Sharpless asymmetric epoxidation of endiynes; epoxides SyntheticPage 212 (2003)
Submitted 8th Apr 2003, published 24th Apr 2003
Zac Etheridge
([email protected]),
A contribution from the Caddick Group Group, Sussex
Chemicals Used
tert-butylhydroperoxide (5.5M soln in decane, fluka, 0.9 mmol, 0.164 mL)
titanium tetra-isopropoxide (distilled, 0.045 mL, 0.15 mmol)
(-)-diethyl tartrate (distilled, 0.032 mL, 0.19 mmol)
dichloromethane (distilled from calcium hydride)
powdered 3A molecular sieves (activated by bunsen burner)

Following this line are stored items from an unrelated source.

(* Let $a\ge 0$, $\Delta t>0$, and let $z(\omega)$ be a real-valued function of the frequency $\omega$ with values in $[0,z_{\max}]$, where $z_{\max}=\max_\omega z(\omega)>0$. For each $\omega$ consider the quadratic $$(2+a\Delta t)^{2}\xi^{2}-4\big(2+a\Delta t-2\Delta t^{2}z(\omega)\big)\xi+(2-a\Delta t)\big(2+a\Delta t-2\Delta t^{2}z(\omega)\big)=0 .$$ If $$\Delta t\le\frac{2}{\sqrt{3\,z_{\max}}},$$ then both roots satisfy $|\xi|\le 1$ for every $\omega$.
   Context: This quadratic is the von Neumann characteristic equation of the semi-implicit (Nesterov-type) two-step scheme for $u_{tt}+au_t=-\nabla E$: $$v^{n}=u^{n}+\frac{2-a\Delta t}{2+a\Delta t}(u^{n}-u^{n-1}),\qquad u^{n+1}=v^{n}-\frac{2\Delta t^{2}}{2+a\Delta t}\nabla E(v^{n}),$$ obtained by linearizing $\nabla E$, writing the discrete Fourier transform of the linearized gradient of a grid function $w$ as $z(\omega)W(\omega)$ ($z$ the ''gradient amplifier''), and substituting $U^{n\pm m}=\xi^{\pm m}U^n$. *)

(* roots of the quadratic may be complex, so we work in an
   arbitrary numeric algebraically closed field C (e.g. the complex numbers),
   with all parameters real (nonnegative / positive elements of C). *)
From HB Require Import structures.
From mathcomp Require Import all_boot all_order all_algebra.
Set Implicit Arguments. Unset Strict Implicit. Unset Printing Implicit Defensive.
Import Order.TTheory GRing.Theory Num.Theory.
Local Open Scope ring_scope.

Definition char_quad (C : numClosedFieldType) (a dt zw xi : C) : C :=
  (2 + a * dt) ^+ 2 * xi ^+ 2
  - 4 * (2 + a * dt - 2 * dt ^+ 2 * zw) * xi
  + (2 - a * dt) * (2 + a * dt - 2 * dt ^+ 2 * zw).

From HB Require Import structures.
From mathcomp Require Import all_boot all_order all_algebra.
From mathcomp Require Import ring.
Set Implicit Arguments. Unset Strict Implicit. Unset Printing Implicit Defensive.
Import Order.TTheory GRing.Theory Num.Theory.
Local Open Scope ring_scope.

(* With [S = a dt] and [T = dt^2 z], the CFL condition reads [3 T <= 4], and the
   quadratic [A x^2 + b x + c] then satisfies Jury's conditions [p(1) >= 0],
   [p(-1) >= 0], [c <= A]. These exclude real roots outside [-1, 1], where [p]
   is positive, while a non-real root pairs with its conjugate, so by Vieta
   [|xi|^2 = c / A <= 1]. *)

Lemma quadratic_gt0_gt1 (R : numDomainType) (A b c x : R) :
  0 < A -> 0 <= A + b + c -> 0 <= 2 * A + b -> 1 < x ->
  0 < A * x ^+ 2 + b * x + c.
Proof.
move=> A_gt0 p1_ge0 slope_ge0 x_gt1.
have -> : A * x ^+ 2 + b * x + c = (A + b + c) + (x - 1) * (A * (x - 1) + (2 * A + b))
  by ring.
have x1_gt0 : 0 < x - 1 by rewrite subr_gt0.
by rewrite ltr_wpDl // mulr_gt0 // ltr_wpDr // mulr_gt0.
Qed.

Lemma nonreal_quadratic_root_normCK (C : numClosedFieldType) (A b c x : C) :
  A \is Num.real -> b \is Num.real -> c \is Num.real -> x \isn't Num.real ->
  A * x ^+ 2 + b * x + c = 0 -> A * `|x| ^+ 2 = c.
Proof.
move=> A_real b_real c_real x_nonreal root_x.
have root_xc : A * x^* ^+ 2 + b * x^* + c = 0.
  by rewrite -[A]conj_Creal // -[b]conj_Creal // -[c]conj_Creal // -!rmorphXn
    -!rmorphM -!rmorphD root_x rmorph0.
have x_neq_xc : x - x^* != 0 by rewrite subr_eq0 eq_sym -CrealE.
have sum_x_xc : A * (x + x^*) = - b.
  apply/eqP; rewrite -subr_eq0 opprK.
  have : (x - x^*) * (A * (x + x^*) + b) = 0.
    by rewrite -[RHS](subrr 0) -{1}root_x -root_xc; ring.
  by move/eqP; rewrite mulf_eq0 (negbTE x_neq_xc).
rewrite normCK; apply/eqP; rewrite -subr_eq0 -oppr_eq0 -[X in _ == X]root_x.
by rewrite -[b]opprK -sum_x_xc; apply/eqP; ring.
Qed.

Lemma quadratic_root_norm_le1 (C : numClosedFieldType) (A b c x : C) :
  0 < A -> b \is Num.real -> c \is Num.real ->
  c <= A -> 0 <= A + b + c -> 0 <= A - b + c ->
  A * x ^+ 2 + b * x + c = 0 -> `|x| <= 1.
Proof.
move=> A_gt0 b_real c_real c_leA p1_ge0 pm1_ge0 root_x.
have A_real : A \is Num.real by exact: gtr0_real.
have Ac_ge0 : 0 <= A - c by rewrite subr_ge0.
have [x_real | x_nonreal] := boolP (x \is Num.real).
  rewrite real_ler_norml // !real_leNgt ?realN //; apply/andP; split; apply/negP.
    move=> x_ltm1; suff : 0 < A * (- x) ^+ 2 + (- b) * (- x) + c.
      by rewrite sqrrN mulrNN root_x ltxx.
    apply: quadratic_gt0_gt1 => //; last by move: x_ltm1; rewrite ltrNr.
    have -> : 2 * A - b = (A - b + c) + (A - c) by ring.
    exact: addr_ge0.
  move=> x_gt1; suff : 0 < A * x ^+ 2 + b * x + c by rewrite root_x ltxx.
  apply: quadratic_gt0_gt1 => //.
  have -> : 2 * A + b = (A + b + c) + (A - c) by ring.
  exact: addr_ge0.
rewrite -(expr_le1 (n := 2)) // -(ler_pM2l A_gt0) mulr1.
by rewrite (nonreal_quadratic_root_normCK A_real b_real c_real x_nonreal root_x).
Qed.

(* [char_quad a dt zw xi] with [S = a * dt] and [T = dt ^+ 2 * zw]. *)
Lemma damped_quad_root_norm_le1 (C : numClosedFieldType) (S T xi : C) :
  0 <= S -> 0 <= T -> 3 * T <= 4 ->
  (2 + S) ^+ 2 * xi ^+ 2 - 4 * (2 + S - 2 * T) * xi + (2 - S) * (2 + S - 2 * T) = 0 ->
  `|xi| <= 1.
Proof.
move=> S_ge0 T_ge0 T_le root_xi.
have T_gap : 0 <= 4 - 3 * T by rewrite subr_ge0.
have [S_real T_real] : S \is Num.real /\ T \is Num.real by split; exact: ger0_real.
apply: (@quadratic_root_norm_le1 _ ((2 + S) ^+ 2) (- (4 * (2 + S - 2 * T)))
                                    ((2 - S) * (2 + S - 2 * T))).
- by rewrite exprn_gt0 // ltr_wpDr.
- by rewrite !(realN, realM, realB, realD, realn).
- by rewrite !(realM, realB, realD, realn).
- rewrite -subr_ge0 -(pmulr_rge0 _ (ltr0n _ 3)).
  have -> : 3%:R * ((2 + S) ^+ 2 - (2 - S) * (2 + S - 2 * T)) =
            2 * S * (4 - 3 * T) + 4 * S + 6 * S ^+ 2 + 12 * T by ring.
  by rewrite !addr_ge0 ?mulr_ge0 ?exprn_ge0 ?ler0n.
- have -> : (2 + S) ^+ 2 - 4 * (2 + S - 2 * T) + (2 - S) * (2 + S - 2 * T) =
            2 * T * (2 + S) by ring.
  by rewrite !mulr_ge0 ?addr_ge0 ?ler0n.
- have -> : (2 + S) ^+ 2 - - (4 * (2 + S - 2 * T)) + (2 - S) * (2 + S - 2 * T) =
            4 * (4 - 3 * T) + 8 * S + 2 * T * S by ring.
  by rewrite !addr_ge0 ?mulr_ge0 ?ler0n.
- by rewrite -root_xi; ring.
Qed.

Lemma cfl_sqr (C : numClosedFieldType) (dt zmax : C) :
  0 <= dt -> 0 < zmax -> dt <= 2 / sqrtC (3 * zmax) -> 3 * (dt ^+ 2 * zmax) <= 4.
Proof.
move=> dt_ge0 zmax_gt0 cfl.
have r_gt0 : 0 < sqrtC (3 * zmax) by rewrite sqrtC_gt0 mulr_gt0.
have dtr_le2 : dt * sqrtC (3 * zmax) <= 2 by rewrite -ler_pdivlMr.
have : (dt * sqrtC (3 * zmax)) ^+ 2 <= 2 ^+ 2.
  by rewrite ler_pXn2r // ?nnegrE ?ler0n // mulr_ge0 // ltW.
by rewrite exprMn sqrtCK mulrCA -natrX; apply.
Qed.

Theorem mainTheorem6 (C : numClosedFieldType) (Omega : Type)
  (a dt zmax : C) (z : Omega -> C)
  (ha : 0 <= a) (hdt : 0 < dt)
  (hz : forall w, 0 <= z w <= zmax)
  (hzmax : exists w0, z w0 = zmax)
  (hzpos : 0 < zmax)
  (hcfl : dt <= 2 / sqrtC (3 * zmax)) :
  forall (w : Omega) (xi : C), char_quad a dt (z w) xi = 0 -> `|xi| <= 1.
Proof.
move=> w xi root_xi; have /andP[zw_ge0 zw_le] := hz w.
have dt_ge0 := ltW hdt.
apply: (@damped_quad_root_norm_le1 _ (a * dt) (dt ^+ 2 * z w)).
- exact: mulr_ge0.
- by rewrite mulr_ge0 ?exprn_ge0.
- apply: le_trans (cfl_sqr dt_ge0 hzpos hcfl).
  by rewrite ler_pM2l // ler_wpM2l ?exprn_ge0.
- by rewrite -root_xi /char_quad; ring.
Qed.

enediyne (55 mg, 0.15 mmol)
Procedure
The enediyne is dissolved in DCM (2 mL), freshly activated molecular sieves added and the mixture stirred under nitrogen for 1 hour. Meanwhile to further freshly activated molecular sieves stirring in DCM (1.5 mL) at -18C is added the titanium tetraisopropoxide and the diethyl tartrate. This mixture is stirred for 1 hour then the TBHP added, folowed by the endiyne via canula. The mixture is allowed to warm to 0C and stirred for 15 hours then quenched with trimethylphosphite (1 mL) then 10% aqueous tartaric acid (2 mL) added. The organics are extracted 3 times with ether then washed with sodium bicarbonate solution and brine then dried over magnesium sulphate, filtered and concentrated. Column chromatography eluting with 5% ether/PE affords the product as a yellow oil (0.038g, 69%)
Author's Comments
It is absolutley imperative this reaction is kept completely anhydrous. All reagents except TBHP must be freshly distilled, no matter what purity they are claimed to be. Molecular sieves should be freshly activated for several minutes by heating with a bunsen, then allowed to cool under nitrogen before use in drying the enediyne and in activating the DET/Ti(OiPr)4 mixture. A successful epoxidation will result in a lower spot by TLC, although it is possible to visualise both the DET and TBHP, so care should be taken that these are not being confused with the product.Note that in order for this reaction to be successful, the primary hydroxy group must be protected.
Data
1H NMR 3.82 (2H, d, J = 3.5, OCH2), 3.76 (1H, app. q, J = 3.5, OCH), 3.61 (1H, s, CCH), 2.40 (1H, s, CCCH), 2.29 (1H, d, J = 4.1, OH), 0.90 (9H, t, J = 7.9, (SiCH2CH3)3), 0.81 (9H, s, SiC(CH3)3), 0.51 (6H, q, J = 7.9, (SiCH2CH3)3), 0.00 (6H, s, Si(CH3)2).
Lead Reference
Hirama M., Iguchi S., Wang G.X., J. Org. Chem. 2001, 66, 2146
Other References
Sharpless K.B. et al J. Am. Chem. Soc. 1987, 109, 5765.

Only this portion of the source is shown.